= Activity =
Only one stretch of the data below should be repeated: the lines from the line containing "exists (fun a b => G@_(mnm2 a b)); split." through the line containing "Local Notation vec", inclusive, exactly as they are.

= Dataset excerpts =
Segment Open
Lemma meval2E (P : {mpoly K[2]}) n (x : 'I_2 -> K) : (msize P <= n)%N ->
  P.@[x] = \sum_(a < n) \sum_(b < n) P@_(mnm2 a b) * x ord0 ^+ a * x ord_max ^+ b.
Proof.
move=> sP; rewrite {1}(mpoly2E sP) raddf_sum; apply: eq_bigr => a _.
rewrite raddf_sum; apply: eq_bigr => b _.
rewrite /= mevalZ mevalX big_ord_recr big_ord1 mulrA mnm2_1.
by rewrite (_ : widen_ord _ ord0 = ord0) ?mnm2_0 //; apply/val_inj.
Qed.

Lemma msizeM_affine (p r : {mpoly K[2]}) a b :
  (msize p <= a.+1)%N -> (msize r <= b.+1)%N -> (msize (p * r) <= (a + b).+1)%N.
Proof.
have [->|p_neq0] := eqVneq p 0; first by rewrite mul0r msize0.
have [->|r_neq0] := eqVneq r 0; first by rewrite mulr0 msize0.
by rewrite msizeM //; set u := msize p; set v := msize r; lia.
Qed.

Lemma msize_comp_affine (F : {mpoly K[3]}) (lq : 3.-tuple {mpoly K[2]}) :
  (forall i, msize (tnth lq i) <= 2)%N -> (msize (F \mPo lq) <= msize F)%N.
Proof.
move=> lq_affine; rewrite comp_mpolyEX.
apply: (leq_trans (msize_sum _ _ _)); apply/bigmax_leqP_seq => m m_supp _.
rewrite (leq_trans (msizeZ_le _ _)) // comp_mpolyX.
apply: leq_trans (msize_mdeg_lt m_supp); rewrite mdegE.
elim/big_rec2: _ => [|i k r _ r_size]; first by rewrite msize1.
apply: msizeM_affine r_size; elim: (m i) => [|e e_size]; first by rewrite msize1.
by rewrite exprS; apply: msizeM_affine (lq_affine i) e_size.
Qed.

Lemma msize_dhomog_le n (F : {mpoly K[n]}) d : F \is d.-homog -> (msize F <= d.+1)%N.
Proof.
by move=> F_homog; rewrite msizeE; apply/bigmax_leqP_seq => m /(dhomog_mf F_homog) ->.
Qed.

Definition affine_param (x u w : vec) : 3.-tuple {mpoly K[2]} :=
  [tuple (x i)%:MP + u i *: 'X_ord0 + w i *: 'X_ord_max | i < 3].

Lemma msize_affine_param x u w i : (msize (tnth (affine_param x u w) i) <= 2)%N.
Proof.
have sX (c : K) j : (msize (c *: 'X_j : {mpoly K[2]}) <= 2)%N.
  by rewrite (leq_trans (msizeZ_le _ _)) // msizeX mdeg1.
rewrite tnth_mktuple (leq_trans (msizeD_le _ _)) // geq_max sX andbT.
by rewrite (leq_trans (msizeD_le _ _)) // geq_max sX msizeC; case: (x i != 0).
Qed.

Lemma meval_affine_param (F : {mpoly K[3]}) x u w (v : 'I_2 -> K) :
  (F \mPo affine_param x u w).@[v] = F.@[x + scalev (v ord0) u + scalev (v ord_max) w].
Proof.
rewrite comp_mpoly_meval; apply: meval_eq => i.
by rewrite tnth_mktuple !mevalD mevalC !mevalZ !mevalXU !ffunE ![_ * v _]mulrC.
Qed.

Lemma restriction_to_plane (F : {mpoly K[3]}) n (x u w : vec) : (msize F <= n)%N ->
  exists p : nat -> nat -> K, (forall a b, (n <= a + b)%N -> p a b = 0) /\
    forall s v, F.@[x + scalev s u + scalev v w] =
      \sum_(a < n) \sum_(b < n) p a b * s ^+ a * v ^+ b.
Proof.
move=> sF; pose G := F \mPo affine_param x u w.
have sG : (msize G <= n)%N.
  exact: leq_trans (msize_comp_affine _ (msize_affine_param x u w)) sF.
exists (fun a b => G@_(mnm2 a b)); split.
  move=> a b ab_big; apply/eqP; rewrite mcoeff_eq0 msize_mdeg_ge //.
  by rewrite mdeg2 mnm2_0 mnm2_1 (leq_trans sG).
move=> s v; pose sv (i : 'I_2) := if i == ord0 then s else v.
by rewrite -[s]/(sv ord0) -[v]/(sv ord_max) -meval_affine_param (meval2E _ sG).
Qed.

End AffinePlaneRestriction.

Section PencilThroughQ0.
Variable K : finFieldType.
Local Notation q := #|K|.
Local Notation vec := {ffun 'I_3 -> K}.

Variables (F : {mpoly K[3]}) (Q0 linf l : vec) (t : nat) (ls : 'I_t -> vec).
Hypothesis F_homog : F \is q.-1.-homog.
Hypothesis nQ0 : normalized Q0.
Hypothesis Q0_off_curve : ~~ onCurve F Q0.
Hypothesis Q0_off_linf : ~~ onLine linf Q0.
Hypothesis t_gt0 : (0 < t)%N.
Hypothesis t_small : (t <= q.-1)%N.
Hypothesis ls_inj : injective ls.
Hypothesis ls_through_Q0 : forall i, normalized (ls i) /\ onLine (ls i) Q0.
Hypothesis ls_in_curve : forall i (P : vec), normalized P -> onLine (ls i) P ->
  P != Q0 -> ~~ onLine linf P -> P \in rat_points F.
Hypothesis nl : normalized l.
Hypothesis l_through_Q0 : onLine l Q0.
Hypothesis l_new : forall i, l != ls i.

Let k := dot linf Q0.
Let i0 := Ordinal t_gt0.
Let dl := cross l linf.
Let d1 := cross (ls i0) linf.

Let k_neq0 : k != 0. Proof. exact: Q0_off_linf. Qed.
Let lQ0 : dot l Q0 = 0. Proof. exact/eqP. Qed.
Let nls i : normalized (ls i). Proof. by case: (ls_through_Q0 i). Qed.
Let lsQ0 i : dot (ls i) Q0 = 0. Proof. by apply/eqP; case: (ls_through_Q0 i). Qed.
(* Let $H=\Bbbk^G\#\Bbbk F$ be as in the context with $G$ abelian, and assume the action of $F$ on $G$ is trivial: $g\triangleleft f=g$ for all $g\in G$, $f\in F$. Fix $f\in F$, let $V=\Bbbk v$ be a simple right $\Bbbk^{G_f}$-comodule with $\rho(v)=v\otimes\sum_{g\in G_f}a^gp_g$, and $\tilde V=(V\otimes\Bbbk f)\Box_{H'_f}H$ the induced right $H$-comodule. Let $V^*=\Bbbk v^*$ be the dual right $\Bbbk^{G_f}$-comodule, $\rho(v^* )=v^*\otimes\sum_{g\in G_f}a^gp_{g^{-1}}$. Then $G_{f^{-1}}=G_f$ and $\tilde V^*\cong(V^*\otimes\Bbbk f^{-1})\Box_{H'_{f^{-1}}}H$. Moreover, $\tilde V\cong\tilde V^*$ if and only if $V\cong V^*$ and $G_{f,f^{-1}}=\{g\in G\mid g\triangleright f=f^{-1}\}\neq\emptyset$.
   Context: Setting: $\Bbbk$ algebraically closed of characteristic $0$, $F$ a group (possibly infinite), $G$ a finite abelian group, $(F,G,\triangleleft,\triangleright)$ a matched pair ($\triangleright:G\times F\to F$ a left action of $G$ on the set $F$, $\triangleleft:G\times F\to G$ a right action of $F$ on the set $G$, with $g\triangleright(ff')=(g\triangleright f)((g\triangleleft f)\triangleright f')$ and $(gg')\triangleleft f=(g\triangleleft(g'\triangleright f))(g'\triangleleft f)$). $H=\Bbbk^G\#\Bbbk F$ is the Hopf algebra with basis $\{p_g\#f\}$, product $(p_g\#f)(p_{g'}\#f')=\delta_{g\triangleleft f,g'}p_g\#ff'$, unit $\sum_gp_g\#1_F$, coproduct $\Delta(p_g\#f)=\sum_{x\in G}p_{gx^{-1}}\#(x\triangleright f)\otimes p_x\#f$, counit $\varepsilon(p_g\#f)=\delta_{g,1_G}$, antipode $S(p_g\#f)=p_{(g\triangleleft f)^{-1}}\#(g\triangleright f)^{-1}$. For $e\in F$: $G_e=\{g\in G\mid g\triangleright e=e\}$; $H'_e$ is the coalgebra with basis $\{p_g\#f'\mid g\in G_e,f'\in F\}$, $\Delta(p_g\#f')=\sum_{x\in G_e}p_{gx^{-1}}\#(x\triangleright f')\otimes p_x\#f'$, $\varepsilon(p_g\#f')=\delta_{g,1_G}$; $H$ is a left $H'_e$-comodule via $(\pi_e\otimes\mathrm{id})\Delta$ ($\pi_e$ kills $p_g\#f'$, $g\notin G_e$). For a right $\Bbbk^{G_e}$-comodule $U$ with $\rho(u)=\sum_{g\in G_e}u_g\otimes p_g$, $U\otimes\Bbbk e$ is a right $H'_e$-comodule via $u\otimes e\mapsto\sum_gu_g\otimes e\otimes p_g\#e$, and $(U\otimes\Bbbk e)\Box_{H'_e}H$ (cotensor product) is the induced right $H$-comodule with coaction $\mathrm{id}\otimes\Delta$. $\tilde V^*$ is the dual right $H$-comodule. *)

From HB Require Import structures.
From mathcomp Require Import all_boot all_order all_algebra all_fingroup.
From mathcomp Require Import boolp classical_sets functions.
From Stdlib Require Import ClassicalEpsilon.
(* Conversely, a chain of length #val_b(A) - #val_b(B) exists: repeatedly drop
   the least value of A that B does not take. *)
Lemma value_set_chain_exists (b : nat) B : submodule S B -> contains_val_ge v b B ->
  forall k A, submodule S A -> subset B A -> subset A (val_ge v 0) ->
  #|value_set b v A| = (#|value_set b v B| + k)%N -> exists Ms, sub_chain S Ms B A k.
Proof.
move=> hB hb; elim=> [|k IH] A hA hBA hA0 hcard.
  have hAB : subset A B.
    apply: (value_set_determines hB hA hBA hb hA0).
    have /eqP -> : value_set b v B == value_set b v A.
      by rewrite eqEcard value_set_sub // hcard addn0 leqnn.
    exact: subxx.
  by exists (fun _ => B); do !split=> //; [exact: hBA | exact: hAB].
have : value_set b v B \proper value_set b v A.
  by rewrite properEcard value_set_sub // hcard; lia.
case/properP=> _ [w0 hw0A hw0B].
pose P := [pred u : 'I_b | (u \in value_set b v A) && (u \notin value_set b v B)].
have P0 : P w0 by rewrite /= hw0A.
case: (arg_minnP (fun u : 'I_b => nat_of_ord u) P0) => w /andP [hwA hwB] hwmin.
have hmin (u : 'I_b) : (u < w)%N -> u \in value_set b v A -> u \in value_set b v B.
  move=> hu huA; apply: contraTT hu => huB; rewrite -leqNgt.
  by apply: hwmin; rewrite /= huA.
pose A' := trunc_sum B A (nat_of_ord w).+1%:Z.
have [hBA' hA'A] := trunc_sum_between (nat_of_ord w).+1%:Z hA hBA.
have hvsA' := value_set_trunc_sum hB hA hBA hwA hwB hmin.
have hcard' : #|value_set b v A'| = (#|value_set b v B| + k)%N.
  by move: hcard; rewrite hvsA' (cardsD1 w) hwA addnS add1n => -[].
have [Ms [hsm [h0 [hl hst]]]] :=
  IH A' (trunc_sum_submodule _ hB hA) hBA' (fun x hx => hA0 x (hA'A x hx)) hcard'.
exists (fun i => if (i <= k)%N then Ms i else A).
split; first by move=> i; case: ifP.
split; first by [].
split; first by rewrite ltnn.
move=> i hi; have [hik|hik] := ltnP i k; first by rewrite (ltnW hik); apply: hst.
have -> : i = k by lia.
rewrite leqnn; split; first by move=> x /hl /hA'A.
have /in_value_set [x [hx [x0 vx]]] := hwA.
exists x; split=> // /hl hxA'.
have : w \in value_set b v A' by apply/in_value_set; exists x.
by rewrite hvsA' setD11.
Qed.

Lemma has_length_value_sets (b : nat) B A :
  submodule S B -> submodule S A -> subset B A ->
  contains_val_ge v b B -> subset A (val_ge v 0) ->
  has_length S B A (#|value_set b v A| - #|value_set b v B|).
Proof.
move=> hB hA hBA hb hA0; split.
  apply: (value_set_chain_exists hB hb) => //.
  by have := subset_leq_card (value_set_sub b v hBA); lia.
by move=> Ms m /(value_set_chain_bound hb hA0); lia.
Qed.

(* V_0 takes every value, namely v (t ^+ w) = w. *)
Lemma card_value_set_val_ge0 (b : nat) : #|value_set b v (val_ge v 0)| = b.
Proof.
suff -> : value_set b v (val_ge v 0) = [set: 'I_b] by rewrite cardsT card_ord.
apply/setP=> w; rewrite !inE.
have ht := vs_t0 H; have hvt := vs_vt H.
apply/asboolP; exists (t ^+ w).
by do !split; [right | exact: expf_neq0 |]; rewrite (valX hv _ ht hvt).
Qed.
Segment Closed
= Your response =
exists (fun a b => G@_(mnm2 a b)); split.
  move=> a b ab_big; apply/eqP; rewrite mcoeff_eq0 msize_mdeg_ge //.
  by rewrite mdeg2 mnm2_0 mnm2_1 (leq_trans sG).
move=> s v; pose sv (i : 'I_2) := if i == ord0 then s else v.
by rewrite -[s]/(sv ord0) -[v]/(sv ord_max) -meval_affine_param (meval2E _ sG).
Qed.

End AffinePlaneRestriction.

Section PencilThroughQ0.
Variable K : finFieldType.
Local Notation q := #|K|.
Local Notation vec := {ffun 'I_3 -> K}.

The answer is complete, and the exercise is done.